Programming

Note

Aim: provide a reference list on best practices in programming with varying level of detail

Level: 🌱🌿

Most of the bioinformatics projects require at least some coding, where others include developing complex bioinformatics platforms, like HyperBrowser or immuneML. This section covers the best practices in programming, and is useful for both quick coding and platform development project. It covers:

  • choosing a programming language,

  • how to organize the code,

  • unit and integration testing,

  • coding and design guidelines.

If you are new to programming, see the Getting started with programming first before diving into more specialized topics.

Choosing a programming language 🌱

For most projects in the Centre, Python is used as the main programming language.

For smaller projects that heavily rely on statistics and visualization, projects often use R. R is also sometimes used in larger projects together with Python, though rpy2 library that allows R to be called from Python.

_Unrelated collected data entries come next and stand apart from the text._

Lemma hyperplane_pencil E : \dim E = p.-1 -> (hyperplane w1 :&: hyperplane w2 <= E)%VS ->
  exists s t, ((s != 0) || (t != 0)) /\ E = hyperplane (s *: w1 + t *: w2).
Proof.
move=> dimE sZE; have dimZ := dim_hyperplane_cap.
have ltZE : (\dim (hyperplane w1 :&: hyperplane w2) < \dim E)%N by rewrite dimE; lia.
have [e eE eZ] := exists_notin ltZE.
pose s := (e *m w2) 0 0; pose t := - (e *m w1) 0 0.
have nz_st : (s != 0) || (t != 0).
  apply: contraNT eZ; rewrite negb_or !negbK oppr_eq0 => /andP [/eqP s0 /eqP t0].
  by rewrite memv_cap !memv_hyperplane t0 -/s s0 eqxx.
exists s, t; split=> //; rewrite -(add_line_eq sZE eE eZ); last by rewrite dimE; lia.
apply: add_line_eq; rewrite ?hyperplane_cap ?dim_hyperplane ?indep_comb_neq0 //; last by lia.
by rewrite memv_hyperplane mulmx_comb00 mulNr mulrC subrr.
Qed.

End HyperplanePencil.

Lemma row0_col_mx (R : Type) m p (v : 'rV[R]_p) (N : 'M_(m, p)) :
  row 0 (col_mx v N : 'M_(m.+1, p)) = v.
Proof.
by apply/rowP => j; rewrite mxE (_ : 0 = lshift m (0 : 'I_1)); [exact: col_mxEu | exact: ord_inj].
Qed.

Lemma row'0_col_mx (R : Type) m p (v : 'rV[R]_p) (N : 'M_(m, p)) :
  row' 0 (col_mx v N : 'M_(m.+1, p)) = N.
Proof.
apply/matrixP => i j; rewrite mxE (_ : lift 0 i = rshift 1 i); [exact: col_mxEd | exact: ord_inj].
Qed.

Lemma row'1_col_mx (R : Type) m p (v : 'rV[R]_p) (M : 'M_(m.+1, p)) :
  row' (lift 0 0) (col_mx v M : 'M_(m.+2, p)) = col_mx v (row' 0 M).
Proof.
apply/row_matrixP => i; rewrite row'Esub row_rowsub.
have [j -> | ->] := unliftP 0 i.
  rewrite (_ : lift (lift 0 0) (lift 0 j) = lift 0 (lift 0 j)); last exact: ord_inj.
  by rewrite -!(row_rowsub (lift 0)) -!row'Esub !row'0_col_mx.
by rewrite (_ : lift (lift 0 0) 0 = 0) ?row0_col_mx //; exact: ord_inj.
Qed.

Section SetEnum.
Variables (n h : nat) (S : {set 'I_(n.+1)}).
Hypothesis cardS : #|S| = h.+1.

Lemma size_enum_set_enum : size (enum S) = h.+1.
Proof. by rewrite -cardE. Qed.

Lemma set_enum_inj : injective (@Defs.set_enum n h S).
Proof.
move=> i j eij; apply/ord_inj/eqP.
rewrite -(nth_uniq ord0 _ _ (enum_uniq (mem S))) ?size_enum_set_enum ?ltn_ord //.
exact/eqP.
Qed.

Lemma set_enum_mem k : @Defs.set_enum n h S k \in S.
Proof. by rewrite -mem_enum mem_nth // size_enum_set_enum. Qed.

End SetEnum.

Section PluckerForm.
Variables (F : fieldType) (n h : nat) (c : {set 'I_(n.+1)} -> F).
Local Notation V := 'rV[F]_(n.+1).
Implicit Types (M : 'M[F]_(h.+1, n.+1)) (N : 'M[F]_(h, n.+1)) (v x y : V) (S T : {set 'I_(n.+1)}).

Definition pform M : F :=
  \sum_(S : {set 'I_(n.+1)} | #|S| == h.+1) c S * \det (colsub (Defs.set_enum S) M).

Lemma plucker_formE X : plucker_form h c X = pform (vbasis_mx h.+1 X).
Proof. by []. Qed.

Lemma pform_mulmx (A : 'M_(h.+1)) M : pform (A *m M) = \det A * pform M.
Proof.
rewrite /pform mulr_sumr; apply: eq_bigr => S _.
by rewrite -mulmx_colsub det_mulmx mulrCA.
Qed.

Lemma pform_eq0 M : ~~ row_free M -> pform M = 0.
Proof.
move=> nfM; rewrite /pform big1 // => S _; apply/eqP; rewrite mulf_eq0.
apply/orP; right; apply: contraR nfM => d0.
have : colsub (Defs.set_enum S) M \in unitmx by rewrite unitmxE unitfE.
rewrite -row_free_unit -[M in colsub _ M]mulmx1 -mulmx_colsub /row_free => /eqP rk.
by rewrite eqn_leq rank_leq_row -{1}rk mxrankM_maxl.
Qed.

Lemma pform_multilinear M B C i b d :
    row i M = b *: row i B + d *: row i C -> row' i B = row' i M -> row' i C = row' i M ->
  pform M = b * pform B + d * pform C.
Proof.
move=> eM eB eC; rewrite /pform !mulr_sumr -big_split; apply: eq_bigr => S _.
set f := Defs.set_enum S.
suff -> : \det (colsub f M) = b * \det (colsub f B) + d * \det (colsub f C).
  by rewrite mulrDr [c S * (b * _)]mulrCA [c S * (d * _)]mulrCA.
apply: determinant_multilinear.
- by apply/rowP => j; have /rowP/(_ (f j)) := eM; rewrite !mxE; apply.
- by apply/matrixP => a j; have /matrixP/(_ a (f j)) := eB; rewrite !mxE; apply.
- by apply/matrixP => a j; have /matrixP/(_ a (f j)) := eC; rewrite !mxE; apply.
Qed.

Lemma pform_col_mxDZ N a x y :
  pform (col_mx (a *: x + y) N) = a * pform (col_mx x N) + pform (col_mx y N).
Proof.
rewrite -[pform (col_mx y N)]mul1r; apply: (pform_multilinear (i := 0)).
- by rewrite !row0_col_mx scale1r.
- by rewrite !row'0_col_mx.
- by rewrite !row'0_col_mx.
Qed.

Definition polarv N : 'cV[F]_(n.+1) := \col_k pform (col_mx (delta_mx 0 k : V) N).

Lemma pform_col_mxE v N : pform (col_mx v N) = (v *m polarv N) 0 0.
Proof.
have pform0 : pform (col_mx (0 : V) N) = 0.
  apply: (addrI (pform (col_mx (0 : V) N))).
  by rewrite addr0 -{1}[pform _]mul1r -pform_col_mxDZ scaler0 addr0.
rewrite {1}(row_sum_delta v) mxE; elim/big_rec2: _ => [|k y1 y2 _ IH] //.
by rewrite pform_col_mxDZ IH mxE.
Qed.

Lemma pform_eq0_rows_in X M : \dim X = h.+1 -> rows_in X M -> row_free M ->
  (pform M == 0) = (pform (vbasis_mx h.+1 X) == 0).
Proof.
move=> dX /(rows_in_mulmx dX) [A ->] fAB.
have : row_free A by rewrite /row_free eqn_leq rank_leq_row -{1}(eqP fAB) mxrankM_maxl.
by rewrite row_free_unit unitmxE unitfE pform_mulmx mulf_eq0 => /negbTE ->.
Qed.

Definition coord_mx S : 'M[F]_(h.+1, n.+1) := \matrix_(i, j) (j == Defs.set_enum S i)%:R.

Lemma det_colsub_coord_mx T S : #|T| = h.+1 -> #|S| = h.+1 ->
  \det (colsub (Defs.set_enum T) (coord_mx S)) = (T == S)%:R.
Proof.
move=> cardT cardS; have [<- | neTS] := eqVneq T S.
  rewrite (_ : colsub _ _ = 1%:M) ?det1 //; apply/matrixP => i k.
  by rewrite !mxE (inj_eq (set_enum_inj cardT)) eq_sym.
have /subsetPn [t tT tS] : ~~ (T \subset S).
  by apply: contra neTS => sTS; rewrite eqEcard sTS cardT cardS /=.
have ti : (index t (enum T) < h.+1)%N by rewrite -(size_enum_set_enum cardT) index_mem mem_enum.
rewrite (expand_det_col _ (Ordinal ti)) big1 // => i _.
rewrite !mxE /Defs.set_enum /= nth_index ?mem_enum //.
by rewrite (_ : t == _ = false) ?mul0r //; apply: contraNF tS => /eqP ->; exact: set_enum_mem.
Qed.

Lemma pform_coord_mx S : #|S| = h.+1 -> pform (coord_mx S) = c S.
Proof.
move=> cardS; rewrite /pform (bigD1 S) ?cardS //= det_colsub_coord_mx // eqxx mulr1.
rewrite big1 ?addr0 // => T /andP [/eqP cardT neTS].
by rewrite det_colsub_coord_mx // (negbTE neTS) mulr0.
Qed.

End PluckerForm.

Section Polar.
Variables (F : fieldType) (n h : nat) (c : {set 'I_(n.+1)} -> F).
Local Notation V := 'rV[F]_(n.+1).
Variable K : {vspace V} -> Prop.
Hypothesis complexK : forall X, K X <-> \dim X = h.+1 /\ plucker_form h c X = 0.
Hypothesis lt_hn : (h < n)%N.
Variables (U : {vspace V}) (N : 'M[F]_(h, n.+1)).
Hypotheses (dimU : \dim U = h) (rowsN : rows_in U N) (freeN : row_free N).
Local Notation w := (polarv c N).

Lemma subv_hyperplane_polarv : (U <= hyperplane w)%VS.
Proof.
apply/subvP => u uU; rewrite memv_hyperplane -pform_col_mxE; apply/eqP/pform_eq0.
by apply/negP => /(row_free_rows_in (rows_in_col_mx uU rowsN)); rewrite dimU ltnn.
Qed.

Lemma complex_polarE X : \dim X = h.+1 -> (U <= X)%VS -> K X <-> (X <= hyperplane w)%VS.
Proof.
move=> dimX sUX; have ltUX : (\dim U < \dim X)%N by rewrite dimU dimX.
have [v vX vU] := exists_notin ltUX.
have -> : (X <= hyperplane w)%VS = (v \in hyperplane w).
  by rewrite -(add_line_eq sUX vX vU) ?dimU // subv_add subv_hyperplane_polarv -memvE.
have rowsX : rows_in X N by move=> i; apply: subvP sUX _ (rowsN i).
rewrite complexK plucker_formE memv_hyperplane -pform_col_mxE.
rewrite (pform_eq0_rows_in _ dimX (rows_in_col_mx vX rowsX) (row_free_col_mx freeN rowsN vU)).
by split=> [[_ /eqP] | /eqP].
Qed.

Lemma singular_polarE : singular h K U <-> w = 0.
Proof.
split=> [singU | w0 X dimX sUX]; last first.
  apply/(complex_polarE dimX sUX)/subvP => x _.
  by rewrite memv_hyperplane w0 mulmx0 mxE.
apply/eqP; apply: contraT => w0.
have [v _ vH] : exists2 v, v \in fullv & v \notin hyperplane w.
  by apply: exists_notin; rewrite dimvf dim_matrix dim_hyperplane // mul1r.
have vU : v \notin U by apply: contra vH; apply: subvP subv_hyperplane_polarv v.
have dimX : \dim (U + <[v]>) = h.+1 by rewrite dim_add_line ?dimU.
have vX : v \in (U + <[v]>)%VS by rewrite memvE addvSr.
have /(complex_polarE dimX (addvSl _ _)) := singU _ dimX (addvSl _ _).
by move=> /subvP/(_ v vX); rewrite (negbTE vH).
Qed.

When running time or memory could be an issue, e.g., due to large datasets, C++ can also be used. If the running time is an issue only for some parts of the code, only those parts can be optimized with C++ and Cython and used together Python.

Note

Even though R and Python can be used together, e.g., by using rpy2 library, it might be a lot of work to set them up on different infrastructures.

Note

For more information on recommended development environments, see Setting up and organizing a project.

Organizing the code 🌿

To maintain a good programming style, increase the quality and readability of the code, try to follow the advice below and also see the recommended reading for more in-depth coverage of the topics.

1. Make the code modular.

Modularity means that at the very least the code should be organized into functions not longer than 20-30 lines with understandable, descriptive names. Never write large unstructured stretches of code. Ensure that the function is doing exactly one task (called single responsibility principle in computer science) and that it has well-defined input and output. For instance, to make a function that will split a string sequence into subsequences of a given length, one could name the function manage_sequence(..), but that would not make it clear what the function actually does. It is then hard to go back after some time and understand the code, regardless who the author is. If instead the same function would be called split_sequence_into_kmers(..) it would be clear over time what exactly that function is doing.

2. Use object-oriented approach.

Beyond the novice programming level, use object-oriented programming to organize the code, even if the project is small in scope.

3. Design software architecture for larger projects.

For larger and more complex projects, it is beneficial to spend some time initially on designing a good software architecture before implementing anything. The requirements might not all be known from the start, but thinking about the known ones and planning the architecture accordingly will also make it easier to refactor the code when new requirements arise.

4. Develop software in iterations and refactor often.

Generally, aim for a simpler, working solution first, try to run the code and obtain the feedback, and then improve the code in the next iteration. This follows agile approach in software development and is particularly useful in research where the requirements typically evolve over time.

5. Test the code.

To ensure the code works and that there were no breaking changes, it is good to test the code.

To test that the individual functions or classes perform as expected, write unit tests. This is especially relevant for complex codebases where debugging can be inefficient if some of the components fail, where there are various use cases and edge cases might easily compe up. However, there is a balance between writing tests and research and development. For experimental projects and prototypes that might not be used again or for small one-time scripts where component validation is less important or less practical, unit tests might not be necessary. On the other hand, if these scripts end up being reused, then it is good to also have tests.

Integration tests ensure that all components work together as expected. As such, they might discover a wide range of issues and edge cases that more realistically reflect the real analysis. They should always be developed, even if unit tests already exist.